Family Law

Property Division – Spousal Maintenance

In Washington, alimony is referred to as either “spousal support” or “spousal maintenance.”  An award of spousal maintenance aims not merely a means to provide the financially disadvantaged spouse with bare necessities, “but rather a flexible tool by which the parties’ standard of living may be equalized for an appropriate period of time.”[1]  To accomplish the statute—RCW 26.09.090—enumerates six factors that must be considered:

(a) The financial resources of the party seeking maintenance, including separate or community property apportioned to him, and his ability to meet his needs independently, including the extent to which a provision for support of a child living with the party includes a sum for that party as custodian;

(b) The time necessary to acquire sufficient education or training to enable the party seeking maintenance to find employment appropriate to his skill, interests, style of life, and other attendant circumstances;

(c) The standard of living established during the marriage;

(d) The duration of the marriage;

(e) The age, physical and emotional condition, and financial obligations of the spouse seeking maintenance;

(f) The ability of the spouse from whom maintenance is sought to meet his needs and financial obligations while meeting those of the spouse seeking maintenance.

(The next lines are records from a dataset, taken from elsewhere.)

Lemma augment_flow z : lwalk rsrc rdst s z t -> uniq z -> {subset z <= residual H F} ->
  exists2 G : {set L}, G \subset H & forall v,
    netout src dst G v = 2%:Z * ((s == v)%:Z - (t == v)%:Z).
Proof.
move=> hz hzu hzR; set Z := [set a in z].
have hZ b e : (b, e) \in Z -> if b then e \in H :\: F else e \in F.
  by rewrite inE => /hzR; rewrite inE.
have hf : fwd Z \subset H :\: F by apply/subsetP => e; rewrite inE => /(hZ true).
have hb : bwd Z \subset F by apply/subsetP => e; rewrite inE => /(hZ false).
exists ((F :\: bwd Z) :|: fwd Z).
  rewrite subUset (subset_trans hf (subsetDl _ _)) andbT.
  by apply: (subset_trans (subsetDl _ _)); apply/subsetP => e; rewrite inE => /hrH.
move=> v; rewrite netout_setU; last first.
  rewrite disjoint_sym disjoint_subset (subset_trans hf) //.
  by apply/subsetP => e /setDP [_ eF]; rewrite inE in_setD (negbTE eF) andbF.
have := netout_arcs Z v; rewrite (netout_lwalk _ hz hzu) netout_setD // netout_path.
lra.
Qed.

End Residual.

Lemma two_flow_lwalks G s t : s != t ->
  (forall v, netout src dst G v = 2%:Z * ((s == v)%:Z - (t == v)%:Z)) ->
  exists r1 r2, [/\ lwalk src dst s r1 t, lwalk src dst s r2 t,
    {subset r1 <= G}, {subset r2 <= G} & [disjoint r1 & r2]].
Proof.
move=> hst hG; have [r1 [h1 h1u h1G]] := flow_lwalk hst (isT : (0 < 2)%N) hG.
have hsub : [set e in r1] \subset G by apply/subsetP => e; rewrite inE => /h1G.
have [|r2 [h2 _ h2G]] := @flow_lwalk _ _ src dst (G :\: [set e in r1]) s t 1 hst isT.
  by move=> v; rewrite netout_setD // hG (netout_lwalk _ h1 h1u); lra.
exists r1, r2; split => //.
- by move=> e /h2G /setDP [].
- by rewrite disjoint_sym disjoint_subset; apply/subsetP => e /h2G /setDP [_]; rewrite !inE.
Qed.

(* Augment one path along a path of the residual graph; when there is none, the
   vertices reachable in the residual graph form a cut left by at most one link of H. *)
Theorem menger_two H s t : s != t ->
  (forall Y, s \in Y -> t \notin Y -> (1 < #|out_links src dst H Y|)%N) ->
  exists r1 r2, [/\ lwalk src dst s r1 t, lwalk src dst s r2 t,
    {subset r1 <= H}, {subset r2 <= H} & [disjoint r1 & r2]].
Proof.
move=> hst hcut.
have [|r [hr hru hrH]] := lwalk_of_cuts (H := H) (s := s) (t := t).
  by move=> Y hs ht; rewrite -card_gt0 ltnW ?hcut.
have [hres | /(residual_cut (H := H) hr hru) [Y [hs ht]]] :=
  boolP (connect (linkrel rsrc rdst (residual H [set e in r])) s t); last first.
  by rewrite leqNgt hcut.
have [z [hz hzu hzR]] := connect_lwalk hres.
have [G hGH hG] := augment_flow hr hru hrH hz hzu hzR.
have [r1 [r2 [h1 h2 h1G h2G hd]]] := two_flow_lwalks hst hG.
by exists r1, r2; split => // e => [/h1G | /h2G]; apply: (subsetP hGH).
Qed.

End Menger.

Lemma setI_cross (T : finType) (A1 A2 B1 B2 Y Z : {set T}) :
  [disjoint A1 & A2] -> [disjoint B1 & B2] -> [disjoint A1 & B1] ->
  Y \subset A2 -> Z \subset B2 -> (A1 :|: Z) :&: (B1 :|: Y) \subset A2 :&: B2.
Proof.
move=> dA dB dAB /subsetP hY /subsetP hZ; apply/subsetP => X /setIP [].
case/setUP => [XA1 | /hZ XB2] /setUP [XB1 | /hY XA2].
- by rewrite (disjointFr dAB XA1) in XB1.
- by rewrite (disjointFr dA XA1) in XA2.
- by rewrite (disjointFl dB XB2) in XB1.
- exact/setIP.
Qed.

Lemma upath_splice (V : finType) (adj : rel V) x y t t' a v b c d :
  upath adj x t' (a ++ v :: b) -> upath adj y t (c ++ v :: d) ->
  exists2 r, upath adj x t r &
    links_seq (x :: r) \subset links_seq (x :: a) :|: ((last x a, v) |: links_seq (v :: d)).
Proof.
case/upath_split => [[ha _ _] hav _] /upath_split [_ _ [hd htd _]].
have hw : path adj x (a ++ v :: d) by rewrite cat_path ha /= hav.
have [r [hr _ hs]] := walk_shorten hw.
have hl : last x (a ++ v :: d) = t by rewrite last_cat.
by exists r; rewrite -?hl // -links_seq_split.
Qed.

Section Uncross.
Variables (V : finType) (adj : rel V) (x t v1 v2 : V) (a1 b1 a2 b2 : seq V).
Hypotheses (h1 : upath adj x t (a1 ++ v1 :: b1)) (h2 : upath adj x t (a2 ++ v2 :: b2)).
Let A := links_seq (x :: a1 ++ v1 :: b1).
Let B := links_seq (x :: a2 ++ v2 :: b2).
Let e := (last x a1, v1).
Let f := (last x a2, v2).
Hypotheses (he : e \in A :&: B) (hf : f \in A :&: B) (hef : e != f).
Hypotheses (ha1 : links_seq (x :: a1) :&: (A :&: B) = set0)
  (ha2 : links_seq (x :: a2) :&: (A :&: B) = set0).

(* Swap the tails after e and f: the new paths share only links lying on both old
   tails, which excludes e. *)
Lemma uncross : exists r1 r2, [/\ upath adj x t r1, upath adj x t r2,
  links_seq (x :: r1) :|: links_seq (x :: r2) \subset A :|: B &
  links_seq (x :: r1) :&: links_seq (x :: r2) \subset (A :&: B) :\ e].
Proof.
set P1 := links_seq (x :: a1); set A2 := links_seq (v1 :: b1).
set P2 := links_seq (x :: a2); set B2 := links_seq (v2 :: b2).
have [[_ _ hu1] [_ _ hu2]] := (h1, h2).
have [eP1 eA2 dA] := uniq_links_seq_split hu1.
have [fP2 fB2 dB] := uniq_links_seq_split hu2.
have hA : A = P1 :|: (e |: A2) by rewrite /A links_seq_split.
have hB : B = P2 :|: (f |: B2) by rewrite /B links_seq_split.
have offK P X : P :&: (A :&: B) = set0 -> X \in A :&: B -> X \notin P.
  by move=> hP hX; apply/negP => XP; move/setP: hP => /(_ X); rewrite in_setI XP hX in_set0.
have heB2 : e \in B2.
  move: (he); rewrite in_setI hB in_setU in_setU1 (negbTE (offK _ _ ha2 he)) (negbTE hef).
  by case/andP.
have hfA2 : f \in A2.
  move: (hf); rewrite in_setI hA in_setU in_setU1 (negbTE (offK _ _ ha1 hf)) eq_sym (negbTE hef).
  by case/andP.
have [c2 [d2 [eb2 _]]] := links_seq_splitP heB2.
have [c1 [d1 [eb1 _]]] := links_seq_splitP hfA2.
have h2' : upath adj x t ((a2 ++ v2 :: c2) ++ v1 :: d2) by move: h2; rewrite eb2 -cat_cons catA.
have h1' : upath adj x t ((a1 ++ v1 :: c1) ++ v2 :: d1) by move: h1; rewrite eb1 -cat_cons catA.
have [r1 hr1 hs1] := upath_splice h1 h2'.
have [r2 hr2 hs2] := upath_splice h2 h1'.
set Z := links_seq (v1 :: d2) in hs1; set Y := links_seq (v2 :: d1) in hs2.
have hZ : Z \subset B2 by rewrite /B2 eb2 links_seq_split subsetU // subsetU1 ?orbT.
have hY : Y \subset A2 by rewrite /A2 eb1 links_seq_split subsetU // subsetU1 ?orbT.
have sA1 : e |: P1 \subset A by rewrite hA setUCA setUA subsetUl.
have sB1 : f |: P2 \subset B by rewrite hB setUCA setUA subsetUl.
have sA2 : A2 \subset A by rewrite hA setUCA setUA subsetUr.
have sB2 : B2 \subset B by rewrite hB setUCA setUA subsetUr.
exists r1, r2; split => //.
  have hW1 : P1 :|: (e |: Z) \subset A :|: B.
    by rewrite setUCA setUA setUSS // (subset_trans hZ).
  have hW2 : P2 :|: (f |: Y) \subset A :|: B.
    by rewrite setUCA setUA [A :|: B]setUC setUSS // (subset_trans hY).
  by rewrite subUset (subset_trans hs1 hW1) (subset_trans hs2 hW2).
have d11 : [disjoint e |: P1 & f |: P2].
  rewrite -setI_eq0; apply/set0Pn => -[X /setIP [hX1 hX2]].
  have XK : X \in A :&: B by rewrite in_setI (subsetP sA1 _ hX1) (subsetP sB1 _ hX2).
  move: hX1 hX2; rewrite !in_setU1 (negbTE (offK _ _ ha1 XK)) (negbTE (offK _ _ ha2 XK)) !orbF.
  by move=> /eqP -> /eqP hef'; move: hef; rewrite hef' eqxx.
apply: subset_trans (setISS hs1 hs2) _; rewrite !(setUCA _ [set _]) !setUA.
apply: subset_trans (setI_cross _ _ d11 hY hZ) _.
- by rewrite disjoint_setU1 eA2.
- by rewrite disjoint_setU1 fB2.
apply/subsetP => X /setIP [XA2 XB2].
rewrite in_setD1 in_setI (subsetP sA2 _ XA2) (subsetP sB2 _ XB2) !andbT.
by apply: contraNneq eA2 => XE; move: XA2; rewrite XE.
Qed.

End Uncross.

Section Detour.
Variables (V : finType) (adj : rel V).
Implicit Types (x y z t : V) (p q : seq V) (A B U E : {set link V}).

Definition pair_in x t U E A B :=
  [/\ is_stpath adj x t A, is_stpath adj x t B, A :|: B \subset U & A :&: B \subset E].

Lemma setI_split (T : finType) (A B P1 P2 Q1 Q2 : {set T}) :
  A \subset P1 :|: Q1 -> B \subset P2 :|: Q2 -> [disjoint P1 :|: P2 & Q1 :|: Q2] ->
  A :&: B \subset (P1 :&: P2) :|: (Q1 :&: Q2).
Proof.
move=> /subsetP hA /subsetP hB hd; apply/subsetP => X /setIP [/hA hX1 /hB hX2].
have hPQ X' : X' \in P1 :|: P2 -> X' \in Q1 :|: Q2 -> False.
  by move=> h1 h2; move: (disjointFr hd h1); rewrite h2.
move: hX1 hX2; rewrite !in_setU !in_setI.
case/orP => h1 /orP [] h2; rewrite ?h1 ?h2 ?orbT //; exfalso; apply: (hPQ X);
  by rewrite in_setU ?h1 ?h2 ?orbT.
Qed.

Lemma upath_cat_stpath x y t p q : upath adj x y p -> upath adj y t q ->
  exists2 A, is_stpath adj x t A & A \subset links_seq (x :: p) :|: links_seq (y :: q).
Proof.
move=> [hp <- _] [hq <- _]; have hpq : path adj x (p ++ q) by rewrite cat_path hp.
by have [A hA hAs] := walk_stpath hpq; exists A; rewrite -?links_seq_cat // -last_cat.
Qed.

Lemma upath_suffix y t q z : upath adj y t q -> z \in q ->
  exists a b, [/\ q = a ++ z :: b, upath adj z t b &
                  links_seq (z :: b) \subset links_seq (y :: q)].
Proof.
move=> hq hz; case/splitPr: hz hq => a b hq; exists a, b; split => //.
  by case: (upath_split hq).
exact: links_seq_suffix.
Qed.

Section Segment.
Variables (x y t : V) (p1 p2 q1 q2 : seq V).
Hypotheses (hp1 : upath adj x y p1) (hp2 : upath adj x y p2).
Hypotheses (hq1 : upath adj y t q1) (hq2 : upath adj y t q2).
Let P1 := links_seq (x :: p1).
Let P2 := links_seq (x :: p2).
Let Q1 := links_seq (y :: q1).
Let Q2 := links_seq (y :: q2).
Let U := (P1 :|: P2) :|: (Q1 :|: Q2).
Let E := (P1 :&: P2) :|: (Q1 :&: Q2).
Hypothesis hPQ : [disjoint P1 :|: P2 & Q1 :|: Q2].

Although no one is entitled to spousal maintenance as a matter of right,[2] the foregoing factors have been described as “extremely flexible.”[3]  The statute places emphasis on the justness of an award, not its method of calculation.[4]  But an award of permanent maintenance is rare,[5] and courts have occasionally approved awards of lifetime maintenance in a reasonable amount when it is clear the spouse seeking maintenance will not be able to contribute significantly to his or her own livelihood.[6]  Those cases are few and far between.  The general rule of thumb is that you may be awarded one year of maintenance for (roughly) every four years of marriage.

An award of spousal maintenance will be made in consideration of the property division.[7]  After all, the statutory factors governing the need for spousal maintenance are designed to account for all relevant economic circumstances, which inherently encompasses the property division. In the case of In re Marriage of Kaplan, the wife argued the trial court erred in its maintenance award (six years’ worth) which was based, in part, on awarding her the family house that she would thereafter have to sell; but the Court of Appeals disagreed with the wife, reasoning she “was awarded the family home and other assets for her to use to maintain her standard of living.”[8]

It should also be noted that any marital misconduct by one or both spouses—including infidelity or abuse—is not considered in spousal maintenance.  In fact, the statute explicitly states that the division will be done “without regard to misconduct.”[9]  The legislature intended to remove the concept of fault from divorce actions to better reflect the realities of modern marriage, something we have written about here.  Courts have said misconduct refers to “immoral or physically abusive conduct within the marital relationship;” however, marital misconduct it does not encompass “gross fiscal improvidence, the squandering of marital assets or . . . the deliberate and unnecessary incurring of tax liabilities.”[10]

There is an abundance of case law relating to each of the factors set forth in RCW 26.09.090.  And, those factors are nonexclusive.  The court may therefore take into consideration other factors, such as intangible contributions to the marriage.  For more information on these factors and whether your case is suited for spousal support, contact a family law attorney at Lasher Holzapfel Sperry & Ebberson.

[1] Washburn v. Washburn, 677 P.2d 152, 158 (Wash. 1984).
[2] Cleaver v. Cleaver, 516 P.2d 508, 512 (Wash. Ct. App. 1973).
[3] Washburn, 677 P.2d at 158.
[4] Id. at 160.
[5] In re Marriage of Matthews, 853 P.2d 462, 468 (Wash. Ct. App. 1993).
[6] See In re Marriage of Sheffer, 802 P.2d 817 (Wash. Ct. App. 1990); In re Marriage of Bulicek, 800 P.2d 394 (Wash. Ct. App. 1990); In re Marriage of Morrow, 770 P.2d 197 (Wash. Ct. App. 1989).
[7] In re Marriage of Kaplan, 421 P.3d  1046, 1055 (2018).
[8] Id.
[9] RCW 26.09.090.
[10] Urbana v. Urbana, 195 P.3d 959, 965 (Wash. Ct. App. 2008).